What Happened in the Tanstack Supply Chain Attack
Developers and OpenAI Mac users are feeling the impact of a recent software supply chain attack involving the Tanstack library, a popular set of npm packages used in web development. An attacker published 84 malicious versions across 42 Tanstack packages, some of which normally receive millions of weekly downloads. The rogue updates were caught and removed within about 20 minutes by security researchers, but that brief window was enough to pose a real risk. The malicious Tanstack versions were designed to download credential‑stealing malware during the npm install process. Any developer who installed an affected version on 2026-05-11 must treat the machine used for that installation as potentially compromised. This incident highlights how a single compromised dependency can quickly cascade through the ecosystem, quietly delivering malware wherever that dependency is trusted and reused.

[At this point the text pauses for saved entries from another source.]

(* Let $H$ and $K$ be finite-dimensional complex Hilbert spaces, let $\mathcal{C}$ be a mapping cone on $K$, and let $B$ be a C*-subalgebra of $B(H)$ containing the identity $1$. If $\phi: B\to B(K)$ is a $\mathcal{C}$-positive linear map, then there is a $\mathcal{C}$-positive linear map $\psi: B(H)\to B(K)$ extending $\phi$.
   Context: A mapping cone $\mathcal{C}$ on $K$ is a closed convex cone of positive linear maps $B(K)\to B(K)$ such that $\alpha\in\mathcal{C}$ implies $\beta\circ\alpha\circ\gamma\in\mathcal{C}$ for all completely positive maps $\beta,\gamma: B(K)\to B(K)$. Fix an orthonormal basis of $K$ and let $b^t$ denote the transpose of $b\in B(K)$; $Tr$ is the usual trace. For a linear subspace $A\subseteq B(H)$ containing $1$, let $A\otimes B(K)\subseteq B(H\otimes K)$ be the span of $\{a\otimes b: a\in A, b\in B(K)\}$. For a linear map $\phi: A\to B(K)$, its dual functional $\tilde\phi$ is the linear functional on $A\otimes B(K)$ with $\tilde\phi(a\otimes b)=Tr(\phi(a)b^t)$. Let $P(A,\mathcal{C})=\{x\in (A\otimes B(K))_{sa} : (\iota\otimes\alpha)(x)\ge 0 \ \forall \alpha\in\mathcal{C}\}$, with $\iota$ the identity map on $B(H)$. The map $\phi$ is $\mathcal{C}$-positive if $\tilde\phi(x)\ge 0$ for all $x\in P(A,\mathcal{C})$. *)

From HB Require Import structures.
From mathcomp Require Import all_boot all_order all_algebra.
From mathcomp Require Import complex mxtens.
From mathcomp Require Import boolp classical_sets filter reals topology normedtype.
Set Implicit Arguments. Unset Strict Implicit. Unset Printing Implicit Defensive.
Import Order.TTheory GRing.Theory Num.Theory.
Import numFieldNormedType.Exports.
Local Open Scope ring_scope.
Local Open Scope classical_set_scope.

(* B(H) with dim H = n is 'M[R[i]]_n; B(K) with dim K = k is 'M[R[i]]_k.
   H (x) K = C^(n*k), with the Kronecker index convention of mxtens. *)

Section Defs.
Variable R : realType.
Local Notation C := R[i].

Definition adjmx m p (A : 'M[C]_(m, p)) : 'M[C]_(p, m) := (map_mx Num.conj A)^T.

Definition hermitian m (A : 'M[C]_m) := adjmx A = A.

(* positive (semidefinite) operator: <v, A v> >= 0 for all v (in the order of C,
   0 <= z means z is real and nonnegative) *)
Definition psd m (A : 'M[C]_m) := forall v : 'cV[C]_m, 0 <= (adjmx v *m A *m v) 0 0.

Definition lin m p (f : 'M[C]_m -> 'M[C]_p) :=
  forall (c : C) x y, f (c *: x + y) = c *: f x + f y.

Definition positive_map m p (f : 'M[C]_m -> 'M[C]_p) :=
  lin f /\ forall x, psd x -> psd (f x).

Definition blk m k (X : 'M[C]_(m * k)) (i j : 'I_m) : 'M[C]_k :=
  \matrix_(a, b) X (mxtens_index (i, a)) (mxtens_index (j, b)).

(* ampliation (iota (x) alpha) on B(C^m (x) C^k) *)
Definition amp m k (alpha : 'M[C]_k -> 'M[C]_k) (X : 'M[C]_(m * k)) : 'M[C]_(m * k) :=
  \matrix_(p, q) alpha (blk X (mxtens_unindex p).1 (mxtens_unindex q).1)
                       (mxtens_unindex p).2 (mxtens_unindex q).2.

Definition completely_positive k (f : 'M[C]_k -> 'M[C]_k) :=
  lin f /\ forall m (X : 'M[C]_(m * k)), psd X -> psd (amp f X).

Definition mx_cvg m p (u : nat -> 'M[C]_(m, p)) (l : 'M[C]_(m, p)) :=
  forall i j, (fun t => complex.Re (u t i j)) @ \oo --> complex.Re (l i j) /\
              (fun t => complex.Im (u t i j)) @ \oo --> complex.Im (l i j).

Definition mapping_cone k (Cc : set ('M[C]_k -> 'M[C]_k)) :=
  [/\ (forall a, Cc a -> positive_map a),
      (forall a b, Cc a -> Cc b -> Cc (fun x => a x + b x)),
      (forall (c : C) a, 0 <= c -> Cc a -> Cc (fun x => c *: a x)),
      (forall (s : nat -> 'M[C]_k -> 'M[C]_k) a,
          (forall t, Cc (s t)) -> (forall x, mx_cvg (fun t => s t x) (a x)) -> Cc a) &
      (forall a b g, Cc a -> completely_positive b -> completely_positive g ->
          Cc (b \o a \o g))].

(* unital C*-subalgebra of B(C^n) (finite dimensional: a unital *-subalgebra) *)
Definition unital_Cstar_subalg n (B : set 'M[C]_n) :=
  [/\ B 1%:M,
      (forall x y, B x -> B y -> B (x + y)),
      (forall (c : C) x, B x -> B (c *: x)),
      (forall x y, B x -> B y -> B (x *m y)) &
      (forall x, B x -> B (adjmx x))].

(* phi : A -> B(K) is linear (values outside A are irrelevant) *)
Definition lin_on n k (A : set 'M[C]_n) (phi : 'M[C]_n -> 'M[C]_k) :=
  forall (c : C) x y, A x -> A y -> phi (c *: x + y) = c *: phi x + phi y.

Definition inP n k (Cc : set ('M[C]_k -> 'M[C]_k)) (x : 'M[C]_(n * k)) :=
  hermitian x /\ forall alpha, Cc alpha -> psd (amp alpha x).

(* phi is C-positive: the dual functional phi~, given on a representation
   x = sum_i a_i (x) b_i (a_i in A) by sum_i Tr(phi(a_i) b_i^t),
   is nonnegative on P(A, C). Every element of A (x) B(K) has such a representation. *)
Definition C_positive n k (A : set 'M[C]_n) (Cc : set ('M[C]_k -> 'M[C]_k))
    (phi : 'M[C]_n -> 'M[C]_k) :=
  forall N (a : 'I_N -> 'M[C]_n) (b : 'I_N -> 'M[C]_k),
    (forall i, A (a i)) ->
    inP Cc (\sum_(i < N) (a i *t b i)) ->
    0 <= \sum_(i < N) \tr (phi (a i) *m (b i)^T).

End Defs.

From Pilot Require Import Defs.
From HB Require Import structures.
From mathcomp Require Import all_boot all_order all_algebra.
From mathcomp Require Import complex mxtens.
From mathcomp Require Import boolp classical_sets filter reals topology normedtype.
From mathcomp Require Import ring lra.
Set Implicit Arguments. Unset Strict Implicit. Unset Printing Implicit Defensive.
Import Order.TTheory GRing.Theory Num.Theory.
Local Open Scope ring_scope.
Local Open Scope classical_set_scope.

(* The dual functional phi~ of phi is a well-defined linear functional on
   B (x) B(K) that is nonnegative on the cone P(B, C). On the real space of
   hermitian matrices of B(H (x) K) the identity is an order unit for
   P(B(H), C): for every positive map alpha, (iota (x) alpha)(t 1 - X) >= 0 as
   soon as t bounds the hermitian parts of the blocks of X. Hence every
   hermitian matrix is dominated by a multiple of 1, which lies in B (x) B(K),
   and the M. Riesz extension theorem, applied one dimension at a time along a
   spanning family, extends Re phi~ to a positive functional F on all hermitian
   matrices. Its complexification G is positive on P(B(H), C), and
   psi(a)_pq := G(a (x) e_pq) is the required extension. *)

Section RieszExtension.
Variables (R : realType) (V : lmodType R) (P : set V).
Hypothesis coneD : forall x y, P x -> P y -> P (x + y).
Hypothesis coneZ : forall (r : R) x, 0 <= r -> P x -> P (r *: x).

How the Tanstack Vulnerability Affected OpenAI Mac Security
OpenAI confirmed that two employee devices with access to its corporate environment installed the malicious Tanstack versions. While OpenAI’s investigation has found no evidence that user data, production systems, or intellectual property were accessed or that its software was altered, the malware did perform credential‑focused exfiltration activity on a small set of internal source code repositories. Critically, those repositories contained code‑signing certificates for OpenAI apps, including iOS, macOS, and Windows products. Code‑signing certificates are what operating systems use to verify that an app is legitimate and untampered. If abused, a threat actor could sign fake apps so they appear to be official OpenAI software and bypass normal Mac security prompts. OpenAI says it has seen no signs that any malicious software has been signed with its certificates, but it is rotating and revoking them as a precaution.
Why Mac Users Must Update ChatGPT and Codex Immediately
Because OpenAI’s previous macOS signing certificates may have been exposed, the company is requiring Mac users to move to newly signed versions of its apps. This includes the ChatGPT and Codex macOS applications. Updating ensures your apps are verified with fresh certificates, reducing any chance that a forged, malicious build could be trusted by macOS under the old keys. OpenAI has announced that it will fully revoke its older macOS certificates on June 12, 2026. After that date, new downloads and first‑time launches of apps signed with the previous certificate will be blocked by macOS security protections. To avoid disruption, Mac users should update now via the in‑app updater or by downloading installers only from OpenAI’s official website. No action is required for OpenAI’s Windows or iOS apps, as their updates are being handled separately by the company.
Step‑by‑Step: How to Update and Verify Your OpenAI Mac Apps
To protect yourself from any fallout of the Tanstack vulnerability and the associated supply chain attack, start by updating your OpenAI Mac apps. First, open ChatGPT or Codex on your Mac. In the app menu, look for an option such as “Check for Updates” or “Update” and install any available update. If you prefer a clean install, visit OpenAI’s official download page in your browser, download the latest macOS installer, and follow the on‑screen instructions. Once updated, confirm you are running the newest version by checking the app’s “About” screen and verifying that no further updates are offered. Next, enable automatic updates within the app or through your preferred software management tool so future security patches are applied quickly. Finally, avoid installing any “OpenAI,” “ChatGPT,” or “Codex” apps from links in emails, ads, chat messages, or third‑party download sites.
Best Practices to Guard Against Future Supply Chain Attacks
The Tanstack incident is a reminder that even trusted tools can become attack vectors when threat actors compromise widely used dependencies. To reduce your exposure, always obtain software directly from official vendor sites or trusted app stores, and be skeptical of unexpected installers, especially those promoted through unsolicited emails, messages, or file‑sharing links. For developers, regularly review dependency lists, pin versions when possible, and monitor security advisories for the npm ecosystem. On macOS, keep automatic system and app updates enabled so you receive certificate rotations, malware updates, and security patches promptly. If you installed any vulnerable Tanstack packages on 2026-05-11, treat that system as potentially compromised: change cloud and developer credentials, review logs for unusual access, and consider a full OS reinstall if warranted. Combining timely updates with cautious download habits and strong credential hygiene will significantly improve your resilience against future supply chain attacks.